← home page

Post Incident Analysis

Objective

This template is designed to help operators understand what happened and how to prevent it from happening again. It is not designed to be used during an incident. After resolving a serious incident, be sure to capture any ephemeral data, then take some time to get rest and then return to conduct the analysis.

Template:

Synopsis

Timeline

Probable Cause

Remediation

Human Communication Transcripts

It is paramount to understand how your team interacted during the incident. Prevention comes in basically 2 flavors: operator improvements and technical redesign. Addressing any improvements to the operations of the service requires an in-depth understanding of how the operators interacted during the incident.

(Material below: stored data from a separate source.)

Lemma lower_bound_lt n W T q : 0 < W -> q.+1 < n -> n * W <= n * T + q * W -> W < n * T.
Proof. nia. Qed.

Lemma bounds_le n W T q r : 0 < W -> r * (r - 1) < n ->
  n * W <= n * T + q * W -> n * n * T + n * r * W <= n * n * W + r * (r - 1) * W ->
  r <= q.
Proof.
move=> W0 rn low up.
have lowM : n * n * W <= n * n * T + n * q * W.
  by rewrite -!mulnA -mulnDr leq_mul2l low orbT.
have rW : r * (r - 1) * W < n * W by rewrite ltn_pmul2r.
have : n * r * W < n * q.+1 * W by rewrite mulnS mulnDl; lia.
by rewrite ltn_pmul2r // ltn_pmul2l ?ltnS //; lia.
Qed.

Lemma exists_subset_card (T : finType) (P : {set T}) k :
  k <= #|P| -> exists2 D : {set T}, D \subset P & #|D| = k.
Proof.
move=> kP; exists [set x in take k (enum P)].
  by apply/subsetP => x; rewrite inE => /mem_take; rewrite mem_enum.
rewrite cardsE (card_uniqP _) ?take_uniq ?enum_uniq // size_takel //.
by rewrite -cardE.
Qed.

Section EdgeStep.
Variable X : finType.
Implicit Types P Q D : {set X * X}.
Variables (A B S : {set X * X}) (e : X * X).
Hypotheses (lAB : loopless_mod A B) (pAB : parallel_free_mod A B) (eB : e \in B).
Hypotheses (Se : S \subset [set e]) (p_target : parallel_free_mod (S :|: A) (B :\ e)).

(* On [b ^ 2 + 2] vertices the estimates [chom_complete_lower] and
   [chom_complete_upper] determine the numbers of identified and kept pairs. *)
Let b := #|B|.
Let n := b * b + 2.
Local Notation W D := (chom D set0 (complete n)).
Let T0 := chom (S :|: A) (B :\ e) (complete n).

Let b_gt0 : 0 < b.
Proof. by apply/card_gt0P; exists e. Qed.

Lemma card_target : #|B :\ e| = b - 1.
Proof. by rewrite /b (cardsD1 e B) eB add1n subn1. Qed.

Let S_sub : S \subset B.
Proof. by apply: subset_trans Se _; rewrite sub1set. Qed.

Let card_S : #|S| <= 1.
Proof. by rewrite -(cards1 e) subset_leq_card. Qed.

Lemma loopless_target : loopless_mod (S :|: A) (B :\ e).
Proof.
move=> q; rewrite in_setD1 => /andP[qe qB].
by move: Se; rewrite subset1 => /orP[] /eqP ->; [apply: pAB | rewrite set0U; apply: lAB].
Qed.

Let W_gt0 D : 0 < W D.
Proof. by apply: chom_complete_gt0; rewrite /n addn2. Qed.

Lemma chom_complete_ident D : D \subset B -> #|D| <= 2 -> n ^ #|D| * W (D :|: A) = W A.
Proof.
move=> DB; case cD: #|D| => [|[|[|//]]] _.
- by rewrite (cards0_eq cD) set0U expn0 mul1n.
- have /cards1P[f Df] : #|D| == 1 by rewrite cD.
  have fB : f \in B by rewrite (subsetP DB) // Df set11.
  by rewrite Df expn1 chom_complete_cross ?lAB.
- have /cards2P[f [g [fg Df]]] : #|D| == 2 by rewrite cD.
  have [fB gB] : f \in B /\ g \in B by rewrite !(subsetP DB) // Df !inE eqxx ?orbT.
  by rewrite Df -setUA -mulnA !chom_complete_cross ?lAB ?pAB.
Qed.

Lemma target_lower : n * W (S :|: A) <= n * T0 + (b - 1) * W (S :|: A).
Proof. by have := chom_complete_lower n loopless_target; rewrite card_target. Qed.

Lemma target_lt : W (S :|: A) < n * T0.
Proof. by apply: lower_bound_lt (W_gt0 _) _ target_lower; rewrite /n; nia. Qed.

Lemma card_ident_part P Q : P \subset B -> Q \subset B ->
  chom (A :|: P) Q (complete n) = T0 -> #|P| = #|S|.
Proof.
move=> PB QB hT; have WS := chom_complete_ident S_sub (leq_trans card_S (isT : 1 <= 2)).
case: (ltngtP #|P| #|S|) => // cmp; exfalso.
- have P0 : P = set0 by apply/eqP; rewrite -cards_eq0; lia.
  have S1 : #|S| = 1 by lia.
  rewrite P0 setU0 in hT.
  have low : n * W A <= n * T0 + b * W A.
    rewrite -hT; apply: leq_trans (chom_complete_lower n (loopless_mod_sub QB lAB)) _.
    by rewrite leq_add2l leq_mul2r subset_leq_card ?orbT.
  have lt : W A < n * T0 by apply: lower_bound_lt (W_gt0 A) _ low; rewrite /n; nia.
  have le : n * T0 <= W A by rewrite -WS S1 expn1 leq_mul2l chom_mono ?sub0set ?orbT.
  by move: lt; rewrite ltnNge le.
- have [D DP cD] := exists_subset_card cmp.
  have TD : T0 <= W (D :|: A) by rewrite -hT chom_mono // ?sub0set // setUC setUS.
  have := chom_complete_ident (subset_trans DP PB); rewrite cD ltnS card_S -WS expnS.
  move=> /(_ isT) /eqP; rewrite mulnAC [X in _ == X]mulnC eqn_pmul2r; last first.
    by rewrite expn_gt0 /n addn2.
  move=> /eqP nD; have := target_lt; rewrite -nD ltn_mul2l => /andP[_].
  by rewrite ltnNge TD.
Qed.

Lemma card_edge_part P Q : P \subset B -> Q \subset B -> [disjoint P & Q] ->
  chom (A :|: P) Q (complete n) = T0 -> #|Q| = b - 1.
Proof.
move=> PB QB PQ hT; have PS := card_ident_part PB QB hT.
have WP : W (P :|: A) = W (S :|: A).
  have := chom_complete_ident S_sub (leq_trans card_S (isT : 1 <= 2)).
  rewrite -(chom_complete_ident PB) ?PS ?(leq_trans card_S) // => /eqP.
  by rewrite eqn_pmul2l ?expn_gt0 /n ?addn2 // => /eqP.
have lQ : loopless_mod (A :|: P) Q.
  move=> q qQ; apply/negP => cq; have := target_lt.
  by rewrite -hT (chom_loop (@complete_simple n) qQ cq) muln0.
have low := chom_complete_lower n lQ; rewrite hT setUC WP in low.
have up := chom_complete_upper n loopless_target p_target; rewrite card_target in up.
have ge : b - 1 <= #|Q| by apply: bounds_le (W_gt0 _) _ low up; rewrite /n; nia.
have PQb : #|P| + #|Q| <= b.
  by rewrite -cardsUI (disjoint_setI0 PQ) cards0 addn0 subset_leq_card // subUset PB.
case: (eqVneq #|Q| b) => [Qb|]; last by lia.
have QeB : Q = B by apply/eqP; rewrite eqEcard QB Qb leqnn.
have S0 : S = set0 by apply/eqP; rewrite -cards_eq0 -PS; lia.
have P0 : P = set0 by apply/eqP; rewrite -cards_eq0; lia.
have upB := chom_complete_upper n lAB pAB.
rewrite QeB P0 setU0 in hT; rewrite hT -/b in upB.
have := target_lower; rewrite S0 set0U => lowB.
have : b <= b - 1 by apply: bounds_le (W_gt0 A) _ lowB upB; rewrite /n; nia.
by move: b_gt0; lia.
Qed.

Collect transcripts from your team’s chat tool (e.g. campfire, hipchat, irc) and curate them for long-term storage. Store them in a raw form and then pull up key events into your PIA. Don’t forget to link your PIA to the raw transcripts.

Machine Transcripts

WARNING: This step may be time sensitive depending on your log storage behaviour.

Collect all log data for any system that you have access to. Don’t discriminate, storage is cheap and it is always best to error on the side of too much data. Aggregate these logs into the same store as your human transcripts.

Export all system metrics into static image files. Most systems resolute data overtime and it is important that you have the highest resolution data available to make any conclusions.